▸ TASK INSTRUCTIONS
Extract from the entries below, exactly as given, only the lines from the line containing "agrees_near (dihedral eps c) x ->" to the line containing "injective psi ->", both lines included.

▸ MATERIALS PROVIDED
•••••

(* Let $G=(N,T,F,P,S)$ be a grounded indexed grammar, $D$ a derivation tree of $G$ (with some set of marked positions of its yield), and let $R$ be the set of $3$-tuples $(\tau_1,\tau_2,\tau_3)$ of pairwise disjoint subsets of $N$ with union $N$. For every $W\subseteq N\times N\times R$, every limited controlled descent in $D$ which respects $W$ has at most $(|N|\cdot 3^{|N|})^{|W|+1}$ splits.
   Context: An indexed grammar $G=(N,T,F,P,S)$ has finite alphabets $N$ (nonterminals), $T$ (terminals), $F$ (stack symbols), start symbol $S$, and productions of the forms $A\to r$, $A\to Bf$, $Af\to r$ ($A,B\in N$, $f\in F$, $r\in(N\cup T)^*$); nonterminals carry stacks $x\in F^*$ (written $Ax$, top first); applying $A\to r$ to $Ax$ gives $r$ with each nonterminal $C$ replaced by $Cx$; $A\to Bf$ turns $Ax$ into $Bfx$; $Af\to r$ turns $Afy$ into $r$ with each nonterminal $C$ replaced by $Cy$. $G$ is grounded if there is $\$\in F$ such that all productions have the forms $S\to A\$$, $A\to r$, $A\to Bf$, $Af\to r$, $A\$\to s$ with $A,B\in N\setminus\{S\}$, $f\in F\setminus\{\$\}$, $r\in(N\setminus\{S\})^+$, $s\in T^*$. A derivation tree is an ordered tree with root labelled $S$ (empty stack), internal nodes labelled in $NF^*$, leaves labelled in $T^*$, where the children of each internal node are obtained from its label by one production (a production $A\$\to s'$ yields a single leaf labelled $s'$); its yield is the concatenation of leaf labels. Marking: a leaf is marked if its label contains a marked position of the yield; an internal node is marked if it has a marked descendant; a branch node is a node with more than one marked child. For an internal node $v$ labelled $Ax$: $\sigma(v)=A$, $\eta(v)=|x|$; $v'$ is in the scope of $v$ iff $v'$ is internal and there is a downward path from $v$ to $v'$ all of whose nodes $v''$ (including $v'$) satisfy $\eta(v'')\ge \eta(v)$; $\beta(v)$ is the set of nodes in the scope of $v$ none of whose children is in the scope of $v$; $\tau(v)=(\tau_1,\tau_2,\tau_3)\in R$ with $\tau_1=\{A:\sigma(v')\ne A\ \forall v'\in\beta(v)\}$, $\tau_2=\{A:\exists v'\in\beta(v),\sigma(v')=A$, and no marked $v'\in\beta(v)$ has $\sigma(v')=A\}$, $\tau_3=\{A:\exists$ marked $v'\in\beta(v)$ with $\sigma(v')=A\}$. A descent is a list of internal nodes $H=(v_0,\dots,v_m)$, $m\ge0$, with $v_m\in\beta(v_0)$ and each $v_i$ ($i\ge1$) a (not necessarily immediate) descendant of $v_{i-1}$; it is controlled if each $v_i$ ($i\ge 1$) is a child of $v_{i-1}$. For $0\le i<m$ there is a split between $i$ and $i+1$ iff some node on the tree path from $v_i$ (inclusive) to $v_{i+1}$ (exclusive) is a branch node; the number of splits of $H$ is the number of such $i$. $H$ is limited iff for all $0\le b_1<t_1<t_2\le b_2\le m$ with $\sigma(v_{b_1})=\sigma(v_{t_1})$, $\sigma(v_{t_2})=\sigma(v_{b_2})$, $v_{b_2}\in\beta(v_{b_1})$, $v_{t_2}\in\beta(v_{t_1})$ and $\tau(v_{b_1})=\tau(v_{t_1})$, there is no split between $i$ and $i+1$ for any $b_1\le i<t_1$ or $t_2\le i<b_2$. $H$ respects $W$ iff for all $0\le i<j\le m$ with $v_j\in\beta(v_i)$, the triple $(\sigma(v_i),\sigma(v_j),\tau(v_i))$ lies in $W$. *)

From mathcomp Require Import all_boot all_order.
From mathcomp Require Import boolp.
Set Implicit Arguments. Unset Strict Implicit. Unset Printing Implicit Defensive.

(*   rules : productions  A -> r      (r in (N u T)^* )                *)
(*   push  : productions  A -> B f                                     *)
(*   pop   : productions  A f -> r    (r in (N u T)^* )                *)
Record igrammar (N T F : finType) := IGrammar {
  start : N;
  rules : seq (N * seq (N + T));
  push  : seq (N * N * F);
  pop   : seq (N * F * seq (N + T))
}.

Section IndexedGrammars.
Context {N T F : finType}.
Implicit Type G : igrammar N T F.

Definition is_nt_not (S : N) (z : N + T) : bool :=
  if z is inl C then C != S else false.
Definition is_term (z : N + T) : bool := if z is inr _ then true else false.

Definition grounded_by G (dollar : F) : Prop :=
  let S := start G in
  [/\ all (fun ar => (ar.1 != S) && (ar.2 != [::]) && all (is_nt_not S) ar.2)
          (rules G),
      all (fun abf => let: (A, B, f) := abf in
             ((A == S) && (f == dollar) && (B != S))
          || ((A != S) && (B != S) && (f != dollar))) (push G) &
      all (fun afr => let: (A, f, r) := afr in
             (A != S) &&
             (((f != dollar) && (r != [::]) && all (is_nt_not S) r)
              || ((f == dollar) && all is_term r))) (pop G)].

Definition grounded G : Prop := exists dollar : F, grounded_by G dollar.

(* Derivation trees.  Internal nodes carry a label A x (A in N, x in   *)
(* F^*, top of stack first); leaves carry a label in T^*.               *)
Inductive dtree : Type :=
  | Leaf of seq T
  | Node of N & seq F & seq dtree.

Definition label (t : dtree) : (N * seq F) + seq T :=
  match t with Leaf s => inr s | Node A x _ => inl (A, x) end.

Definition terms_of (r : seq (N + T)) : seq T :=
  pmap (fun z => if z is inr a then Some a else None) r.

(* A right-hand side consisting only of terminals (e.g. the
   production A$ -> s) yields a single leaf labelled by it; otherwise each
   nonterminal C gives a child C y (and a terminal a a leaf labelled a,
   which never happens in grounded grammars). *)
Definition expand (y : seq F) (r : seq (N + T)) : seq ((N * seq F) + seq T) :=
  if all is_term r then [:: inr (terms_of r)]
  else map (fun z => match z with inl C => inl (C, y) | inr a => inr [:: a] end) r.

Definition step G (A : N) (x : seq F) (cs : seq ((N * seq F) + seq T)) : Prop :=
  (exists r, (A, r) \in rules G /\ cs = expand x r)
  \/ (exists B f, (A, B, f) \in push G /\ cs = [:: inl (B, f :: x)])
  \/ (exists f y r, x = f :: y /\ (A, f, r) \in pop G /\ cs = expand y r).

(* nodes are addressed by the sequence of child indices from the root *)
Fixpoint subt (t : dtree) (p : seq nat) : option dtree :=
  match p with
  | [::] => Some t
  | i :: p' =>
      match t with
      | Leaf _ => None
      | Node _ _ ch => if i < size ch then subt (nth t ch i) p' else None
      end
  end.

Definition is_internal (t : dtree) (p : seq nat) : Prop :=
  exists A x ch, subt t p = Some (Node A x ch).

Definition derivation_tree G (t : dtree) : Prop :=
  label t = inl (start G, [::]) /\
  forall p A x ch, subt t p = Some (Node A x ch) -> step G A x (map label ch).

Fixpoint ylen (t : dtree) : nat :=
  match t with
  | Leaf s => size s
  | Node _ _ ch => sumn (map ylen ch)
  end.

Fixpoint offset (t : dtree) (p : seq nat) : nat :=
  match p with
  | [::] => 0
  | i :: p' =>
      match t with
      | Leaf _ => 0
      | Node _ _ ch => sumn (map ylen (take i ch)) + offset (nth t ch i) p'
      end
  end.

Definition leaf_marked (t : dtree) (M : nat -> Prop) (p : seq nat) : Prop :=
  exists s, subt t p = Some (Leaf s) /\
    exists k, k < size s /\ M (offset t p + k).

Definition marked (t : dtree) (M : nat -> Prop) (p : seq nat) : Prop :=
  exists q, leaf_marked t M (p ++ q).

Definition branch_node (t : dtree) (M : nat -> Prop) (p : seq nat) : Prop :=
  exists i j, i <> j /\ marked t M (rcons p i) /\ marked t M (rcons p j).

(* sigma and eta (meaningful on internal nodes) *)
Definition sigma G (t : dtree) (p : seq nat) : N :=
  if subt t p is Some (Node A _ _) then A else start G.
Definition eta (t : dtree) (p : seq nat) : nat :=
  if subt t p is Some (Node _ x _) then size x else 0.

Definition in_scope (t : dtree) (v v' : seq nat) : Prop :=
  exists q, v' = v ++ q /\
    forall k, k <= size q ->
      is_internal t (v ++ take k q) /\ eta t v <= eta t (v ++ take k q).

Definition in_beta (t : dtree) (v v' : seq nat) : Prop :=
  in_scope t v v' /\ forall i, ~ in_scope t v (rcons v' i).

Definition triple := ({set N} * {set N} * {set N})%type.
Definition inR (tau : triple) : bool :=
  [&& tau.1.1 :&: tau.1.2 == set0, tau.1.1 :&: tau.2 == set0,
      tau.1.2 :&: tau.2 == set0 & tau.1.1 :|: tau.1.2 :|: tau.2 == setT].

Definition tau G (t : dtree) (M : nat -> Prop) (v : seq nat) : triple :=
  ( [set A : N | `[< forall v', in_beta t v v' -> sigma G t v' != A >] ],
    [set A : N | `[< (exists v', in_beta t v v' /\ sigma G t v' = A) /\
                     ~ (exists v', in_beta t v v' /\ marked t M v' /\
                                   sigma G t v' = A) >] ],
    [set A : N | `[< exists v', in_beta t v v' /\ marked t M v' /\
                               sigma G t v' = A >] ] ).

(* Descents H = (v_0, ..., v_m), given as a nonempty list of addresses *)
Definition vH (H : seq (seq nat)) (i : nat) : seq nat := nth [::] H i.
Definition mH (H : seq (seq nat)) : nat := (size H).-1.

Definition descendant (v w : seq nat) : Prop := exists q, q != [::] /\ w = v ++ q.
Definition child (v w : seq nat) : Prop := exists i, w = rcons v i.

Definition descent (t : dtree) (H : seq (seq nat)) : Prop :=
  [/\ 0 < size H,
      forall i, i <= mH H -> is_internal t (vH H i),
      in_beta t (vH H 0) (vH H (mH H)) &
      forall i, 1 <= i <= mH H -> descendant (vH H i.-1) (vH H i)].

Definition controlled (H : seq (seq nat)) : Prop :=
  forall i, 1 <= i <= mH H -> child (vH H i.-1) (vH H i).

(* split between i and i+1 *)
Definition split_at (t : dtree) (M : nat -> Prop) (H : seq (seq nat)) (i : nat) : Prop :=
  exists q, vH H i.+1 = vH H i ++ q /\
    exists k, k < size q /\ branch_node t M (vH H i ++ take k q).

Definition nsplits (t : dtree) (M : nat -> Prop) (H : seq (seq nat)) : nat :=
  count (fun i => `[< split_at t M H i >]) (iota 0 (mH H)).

•••••

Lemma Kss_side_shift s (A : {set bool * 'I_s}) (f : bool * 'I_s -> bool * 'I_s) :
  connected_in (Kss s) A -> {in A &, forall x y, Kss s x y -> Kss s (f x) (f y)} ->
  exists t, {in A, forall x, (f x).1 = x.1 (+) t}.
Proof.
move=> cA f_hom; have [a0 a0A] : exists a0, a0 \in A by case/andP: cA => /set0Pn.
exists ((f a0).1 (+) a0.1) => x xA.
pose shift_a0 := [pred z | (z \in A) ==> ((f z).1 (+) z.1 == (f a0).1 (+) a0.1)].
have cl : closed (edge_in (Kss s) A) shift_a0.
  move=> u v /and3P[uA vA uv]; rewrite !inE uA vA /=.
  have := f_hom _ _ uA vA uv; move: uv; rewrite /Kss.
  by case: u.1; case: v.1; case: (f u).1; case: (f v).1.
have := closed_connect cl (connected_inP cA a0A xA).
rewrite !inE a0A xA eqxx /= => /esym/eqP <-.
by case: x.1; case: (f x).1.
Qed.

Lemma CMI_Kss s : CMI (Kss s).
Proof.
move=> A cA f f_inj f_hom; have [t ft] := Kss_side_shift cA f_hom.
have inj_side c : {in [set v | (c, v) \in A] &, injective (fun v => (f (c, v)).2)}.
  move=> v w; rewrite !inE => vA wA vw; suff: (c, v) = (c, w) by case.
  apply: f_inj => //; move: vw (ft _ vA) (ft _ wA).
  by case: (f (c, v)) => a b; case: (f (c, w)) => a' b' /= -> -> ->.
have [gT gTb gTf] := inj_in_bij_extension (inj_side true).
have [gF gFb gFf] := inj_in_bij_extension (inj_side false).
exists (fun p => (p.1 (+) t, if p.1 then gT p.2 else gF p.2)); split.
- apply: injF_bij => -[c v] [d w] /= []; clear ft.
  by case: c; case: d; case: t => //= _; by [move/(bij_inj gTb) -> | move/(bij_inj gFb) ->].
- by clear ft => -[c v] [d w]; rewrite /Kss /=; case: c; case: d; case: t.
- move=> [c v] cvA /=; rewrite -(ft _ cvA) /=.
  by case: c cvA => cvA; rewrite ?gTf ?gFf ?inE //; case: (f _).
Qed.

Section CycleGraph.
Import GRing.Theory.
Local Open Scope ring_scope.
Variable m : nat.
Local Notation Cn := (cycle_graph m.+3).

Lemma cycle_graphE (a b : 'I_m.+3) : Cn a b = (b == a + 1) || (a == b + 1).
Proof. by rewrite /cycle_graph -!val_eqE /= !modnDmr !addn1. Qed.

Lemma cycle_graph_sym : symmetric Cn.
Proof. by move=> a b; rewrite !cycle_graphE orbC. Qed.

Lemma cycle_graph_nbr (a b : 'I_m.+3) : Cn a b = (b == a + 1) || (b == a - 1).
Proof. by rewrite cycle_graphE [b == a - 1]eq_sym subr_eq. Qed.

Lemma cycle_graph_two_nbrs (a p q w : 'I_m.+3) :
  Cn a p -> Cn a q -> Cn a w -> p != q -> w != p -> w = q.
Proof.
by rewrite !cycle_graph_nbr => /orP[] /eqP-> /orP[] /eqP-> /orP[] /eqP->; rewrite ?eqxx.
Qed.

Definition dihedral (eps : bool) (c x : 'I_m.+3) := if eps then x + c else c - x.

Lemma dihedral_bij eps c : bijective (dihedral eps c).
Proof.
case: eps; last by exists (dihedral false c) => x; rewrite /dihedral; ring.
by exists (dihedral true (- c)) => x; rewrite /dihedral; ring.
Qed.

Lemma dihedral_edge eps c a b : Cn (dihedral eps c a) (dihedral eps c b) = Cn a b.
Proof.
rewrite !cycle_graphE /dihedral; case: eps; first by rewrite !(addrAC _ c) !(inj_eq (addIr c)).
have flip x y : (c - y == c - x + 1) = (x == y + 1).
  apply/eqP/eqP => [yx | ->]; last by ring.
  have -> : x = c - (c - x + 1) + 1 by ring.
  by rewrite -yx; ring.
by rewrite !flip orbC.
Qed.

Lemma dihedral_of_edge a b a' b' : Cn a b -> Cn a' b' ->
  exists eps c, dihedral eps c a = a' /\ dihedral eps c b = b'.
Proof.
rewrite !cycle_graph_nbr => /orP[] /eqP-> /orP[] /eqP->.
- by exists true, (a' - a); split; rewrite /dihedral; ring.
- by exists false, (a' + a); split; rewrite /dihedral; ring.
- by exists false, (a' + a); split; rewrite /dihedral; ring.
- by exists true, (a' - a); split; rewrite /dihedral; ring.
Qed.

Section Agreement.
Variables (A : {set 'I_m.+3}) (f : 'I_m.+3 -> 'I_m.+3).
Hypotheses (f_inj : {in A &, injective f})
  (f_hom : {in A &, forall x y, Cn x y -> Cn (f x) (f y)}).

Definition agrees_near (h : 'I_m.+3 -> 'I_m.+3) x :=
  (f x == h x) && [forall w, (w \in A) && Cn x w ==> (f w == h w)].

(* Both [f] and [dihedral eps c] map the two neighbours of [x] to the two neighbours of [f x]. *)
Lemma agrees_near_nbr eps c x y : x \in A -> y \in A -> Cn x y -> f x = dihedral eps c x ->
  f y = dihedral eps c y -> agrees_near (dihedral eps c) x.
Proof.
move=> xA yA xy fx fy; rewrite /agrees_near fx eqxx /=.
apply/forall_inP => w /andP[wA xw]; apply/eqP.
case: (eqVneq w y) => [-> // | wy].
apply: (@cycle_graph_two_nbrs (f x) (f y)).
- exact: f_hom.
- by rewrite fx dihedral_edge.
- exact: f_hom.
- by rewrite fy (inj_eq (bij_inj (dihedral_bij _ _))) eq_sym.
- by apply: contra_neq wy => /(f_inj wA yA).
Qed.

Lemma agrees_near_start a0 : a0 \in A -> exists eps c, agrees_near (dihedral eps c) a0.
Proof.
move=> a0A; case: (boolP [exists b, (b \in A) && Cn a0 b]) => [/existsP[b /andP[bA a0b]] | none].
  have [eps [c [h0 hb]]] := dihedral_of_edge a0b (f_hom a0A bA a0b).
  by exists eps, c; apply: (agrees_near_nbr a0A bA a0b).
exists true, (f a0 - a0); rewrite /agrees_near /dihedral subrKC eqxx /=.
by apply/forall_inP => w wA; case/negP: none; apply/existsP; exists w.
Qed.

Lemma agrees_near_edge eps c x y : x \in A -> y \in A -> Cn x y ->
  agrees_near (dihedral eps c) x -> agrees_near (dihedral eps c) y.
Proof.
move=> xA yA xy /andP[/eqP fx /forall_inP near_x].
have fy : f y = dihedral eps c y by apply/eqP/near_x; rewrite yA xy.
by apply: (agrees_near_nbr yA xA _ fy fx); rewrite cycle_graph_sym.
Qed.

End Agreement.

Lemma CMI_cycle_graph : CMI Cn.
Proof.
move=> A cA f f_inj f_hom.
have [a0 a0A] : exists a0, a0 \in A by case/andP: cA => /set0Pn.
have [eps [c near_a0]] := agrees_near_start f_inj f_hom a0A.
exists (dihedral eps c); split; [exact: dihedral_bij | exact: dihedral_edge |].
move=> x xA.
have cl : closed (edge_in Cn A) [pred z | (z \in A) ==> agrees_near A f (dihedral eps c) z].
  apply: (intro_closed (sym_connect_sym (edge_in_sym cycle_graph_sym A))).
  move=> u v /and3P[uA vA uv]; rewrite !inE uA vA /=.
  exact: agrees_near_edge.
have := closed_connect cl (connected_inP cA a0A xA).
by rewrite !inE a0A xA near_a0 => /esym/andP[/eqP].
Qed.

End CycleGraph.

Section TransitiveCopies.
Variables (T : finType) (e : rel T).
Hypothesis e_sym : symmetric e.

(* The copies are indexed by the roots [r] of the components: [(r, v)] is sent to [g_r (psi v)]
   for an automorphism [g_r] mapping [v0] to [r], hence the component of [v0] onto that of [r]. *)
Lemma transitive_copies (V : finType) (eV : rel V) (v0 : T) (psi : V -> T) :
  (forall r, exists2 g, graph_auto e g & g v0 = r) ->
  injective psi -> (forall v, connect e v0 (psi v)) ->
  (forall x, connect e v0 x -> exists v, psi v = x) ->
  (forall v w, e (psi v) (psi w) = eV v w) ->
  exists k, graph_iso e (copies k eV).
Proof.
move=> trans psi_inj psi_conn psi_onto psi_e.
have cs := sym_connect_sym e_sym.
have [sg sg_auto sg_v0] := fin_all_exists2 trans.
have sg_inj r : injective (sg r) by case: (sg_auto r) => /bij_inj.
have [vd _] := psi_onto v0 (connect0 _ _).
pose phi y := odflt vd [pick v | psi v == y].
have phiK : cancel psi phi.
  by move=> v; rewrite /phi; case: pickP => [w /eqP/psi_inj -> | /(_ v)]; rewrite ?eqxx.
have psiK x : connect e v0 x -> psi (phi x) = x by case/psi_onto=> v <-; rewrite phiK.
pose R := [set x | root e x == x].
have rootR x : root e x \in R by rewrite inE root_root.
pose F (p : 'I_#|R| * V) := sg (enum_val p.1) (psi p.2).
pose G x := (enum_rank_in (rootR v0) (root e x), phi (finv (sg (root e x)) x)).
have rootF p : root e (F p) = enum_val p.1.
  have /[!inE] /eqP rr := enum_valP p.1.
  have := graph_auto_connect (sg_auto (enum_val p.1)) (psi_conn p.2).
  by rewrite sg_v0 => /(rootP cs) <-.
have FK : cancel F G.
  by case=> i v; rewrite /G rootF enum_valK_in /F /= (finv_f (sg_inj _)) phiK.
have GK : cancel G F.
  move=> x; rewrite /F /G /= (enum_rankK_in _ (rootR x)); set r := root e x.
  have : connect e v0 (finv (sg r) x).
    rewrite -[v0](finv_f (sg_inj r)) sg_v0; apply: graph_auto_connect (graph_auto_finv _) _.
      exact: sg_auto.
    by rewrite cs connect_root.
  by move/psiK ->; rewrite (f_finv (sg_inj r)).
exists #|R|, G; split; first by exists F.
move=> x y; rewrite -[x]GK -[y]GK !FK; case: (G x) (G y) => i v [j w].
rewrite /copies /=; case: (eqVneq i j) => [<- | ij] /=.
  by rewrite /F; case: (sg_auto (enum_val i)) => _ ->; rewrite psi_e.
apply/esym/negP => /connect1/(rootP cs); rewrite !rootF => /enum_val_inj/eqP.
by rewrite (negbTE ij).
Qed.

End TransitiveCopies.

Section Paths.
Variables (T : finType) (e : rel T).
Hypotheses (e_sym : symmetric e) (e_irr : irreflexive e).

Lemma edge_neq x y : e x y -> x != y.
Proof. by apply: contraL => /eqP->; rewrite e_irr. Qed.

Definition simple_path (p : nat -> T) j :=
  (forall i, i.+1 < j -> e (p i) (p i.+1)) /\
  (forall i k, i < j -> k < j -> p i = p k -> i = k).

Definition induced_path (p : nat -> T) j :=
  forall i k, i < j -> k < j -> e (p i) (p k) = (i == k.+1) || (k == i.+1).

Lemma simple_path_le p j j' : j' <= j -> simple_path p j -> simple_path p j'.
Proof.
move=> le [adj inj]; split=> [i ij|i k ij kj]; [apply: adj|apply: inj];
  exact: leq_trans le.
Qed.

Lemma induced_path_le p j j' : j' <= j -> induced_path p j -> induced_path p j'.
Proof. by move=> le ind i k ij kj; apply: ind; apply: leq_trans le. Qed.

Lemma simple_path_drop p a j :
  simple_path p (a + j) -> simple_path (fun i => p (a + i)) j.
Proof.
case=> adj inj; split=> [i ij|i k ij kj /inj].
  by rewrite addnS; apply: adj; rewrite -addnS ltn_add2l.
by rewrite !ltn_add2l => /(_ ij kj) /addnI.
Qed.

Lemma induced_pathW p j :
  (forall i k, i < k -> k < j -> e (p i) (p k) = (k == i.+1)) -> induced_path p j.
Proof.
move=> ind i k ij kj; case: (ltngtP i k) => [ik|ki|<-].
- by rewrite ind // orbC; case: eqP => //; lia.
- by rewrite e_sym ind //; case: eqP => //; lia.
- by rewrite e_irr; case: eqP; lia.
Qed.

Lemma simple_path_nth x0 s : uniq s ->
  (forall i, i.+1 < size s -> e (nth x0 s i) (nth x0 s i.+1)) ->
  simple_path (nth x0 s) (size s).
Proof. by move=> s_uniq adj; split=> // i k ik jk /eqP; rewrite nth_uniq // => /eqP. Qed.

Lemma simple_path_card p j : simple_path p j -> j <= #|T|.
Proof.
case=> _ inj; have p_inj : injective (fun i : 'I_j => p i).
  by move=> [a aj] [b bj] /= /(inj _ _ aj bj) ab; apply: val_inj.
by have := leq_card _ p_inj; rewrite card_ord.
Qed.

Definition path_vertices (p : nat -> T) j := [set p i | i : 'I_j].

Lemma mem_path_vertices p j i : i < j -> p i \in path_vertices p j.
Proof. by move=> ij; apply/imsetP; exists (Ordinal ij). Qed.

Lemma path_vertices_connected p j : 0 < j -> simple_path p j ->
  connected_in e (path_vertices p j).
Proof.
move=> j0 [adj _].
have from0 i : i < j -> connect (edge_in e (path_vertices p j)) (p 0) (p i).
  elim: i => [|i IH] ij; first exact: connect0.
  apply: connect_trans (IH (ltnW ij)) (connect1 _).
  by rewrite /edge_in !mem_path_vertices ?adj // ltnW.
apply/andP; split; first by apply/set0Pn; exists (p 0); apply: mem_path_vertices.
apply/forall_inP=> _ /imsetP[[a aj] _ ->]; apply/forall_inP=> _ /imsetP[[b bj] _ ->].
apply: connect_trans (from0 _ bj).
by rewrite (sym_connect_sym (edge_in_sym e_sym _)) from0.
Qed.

•••••

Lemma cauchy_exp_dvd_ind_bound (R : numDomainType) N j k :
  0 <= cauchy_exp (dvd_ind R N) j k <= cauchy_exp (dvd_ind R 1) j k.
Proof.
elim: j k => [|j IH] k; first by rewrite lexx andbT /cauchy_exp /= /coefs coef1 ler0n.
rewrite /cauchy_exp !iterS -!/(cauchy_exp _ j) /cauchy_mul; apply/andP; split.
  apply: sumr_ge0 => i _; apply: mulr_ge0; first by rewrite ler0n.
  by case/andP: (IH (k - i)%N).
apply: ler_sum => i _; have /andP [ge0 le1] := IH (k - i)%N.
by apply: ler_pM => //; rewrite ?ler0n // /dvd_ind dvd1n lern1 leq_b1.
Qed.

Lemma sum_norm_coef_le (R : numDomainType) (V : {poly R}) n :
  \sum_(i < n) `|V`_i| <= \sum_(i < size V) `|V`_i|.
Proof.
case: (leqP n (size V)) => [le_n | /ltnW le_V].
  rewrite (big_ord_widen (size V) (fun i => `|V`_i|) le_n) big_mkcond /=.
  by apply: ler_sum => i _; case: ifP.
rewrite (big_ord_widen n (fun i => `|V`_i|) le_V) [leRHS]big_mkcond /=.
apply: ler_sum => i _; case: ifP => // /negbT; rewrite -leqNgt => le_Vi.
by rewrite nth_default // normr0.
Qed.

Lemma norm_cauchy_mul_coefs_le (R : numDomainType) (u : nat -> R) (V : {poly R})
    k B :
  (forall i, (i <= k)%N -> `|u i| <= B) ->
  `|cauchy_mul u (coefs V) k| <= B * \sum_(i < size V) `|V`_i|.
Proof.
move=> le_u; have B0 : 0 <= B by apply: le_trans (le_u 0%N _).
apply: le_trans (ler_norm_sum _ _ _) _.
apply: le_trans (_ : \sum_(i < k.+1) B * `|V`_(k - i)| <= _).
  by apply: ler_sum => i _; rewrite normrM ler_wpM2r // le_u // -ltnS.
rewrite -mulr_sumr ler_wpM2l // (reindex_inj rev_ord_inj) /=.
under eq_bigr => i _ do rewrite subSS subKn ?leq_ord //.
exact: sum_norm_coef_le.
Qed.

•••••

▸ SOLUTION FOR THIS PROBLEM
  agrees_near (dihedral eps c) x -> agrees_near (dihedral eps c) y.
Proof.
move=> xA yA xy /andP[/eqP fx /forall_inP near_x].
have fy : f y = dihedral eps c y by apply/eqP/near_x; rewrite yA xy.
by apply: (agrees_near_nbr yA xA _ fy fx); rewrite cycle_graph_sym.
Qed.

End Agreement.

Lemma CMI_cycle_graph : CMI Cn.
Proof.
move=> A cA f f_inj f_hom.
have [a0 a0A] : exists a0, a0 \in A by case/andP: cA => /set0Pn.
have [eps [c near_a0]] := agrees_near_start f_inj f_hom a0A.
exists (dihedral eps c); split; [exact: dihedral_bij | exact: dihedral_edge |].
move=> x xA.
have cl : closed (edge_in Cn A) [pred z | (z \in A) ==> agrees_near A f (dihedral eps c) z].
  apply: (intro_closed (sym_connect_sym (edge_in_sym cycle_graph_sym A))).
  move=> u v /and3P[uA vA uv]; rewrite !inE uA vA /=.
  exact: agrees_near_edge.
have := closed_connect cl (connected_inP cA a0A xA).
by rewrite !inE a0A xA near_a0 => /esym/andP[/eqP].
Qed.

End CycleGraph.

Section TransitiveCopies.
Variables (T : finType) (e : rel T).
Hypothesis e_sym : symmetric e.

(* The copies are indexed by the roots [r] of the components: [(r, v)] is sent to [g_r (psi v)]
   for an automorphism [g_r] mapping [v0] to [r], hence the component of [v0] onto that of [r]. *)
Lemma transitive_copies (V : finType) (eV : rel V) (v0 : T) (psi : V -> T) :
  (forall r, exists2 g, graph_auto e g & g v0 = r) ->
  injective psi -> (forall v, connect e v0 (psi v)) ->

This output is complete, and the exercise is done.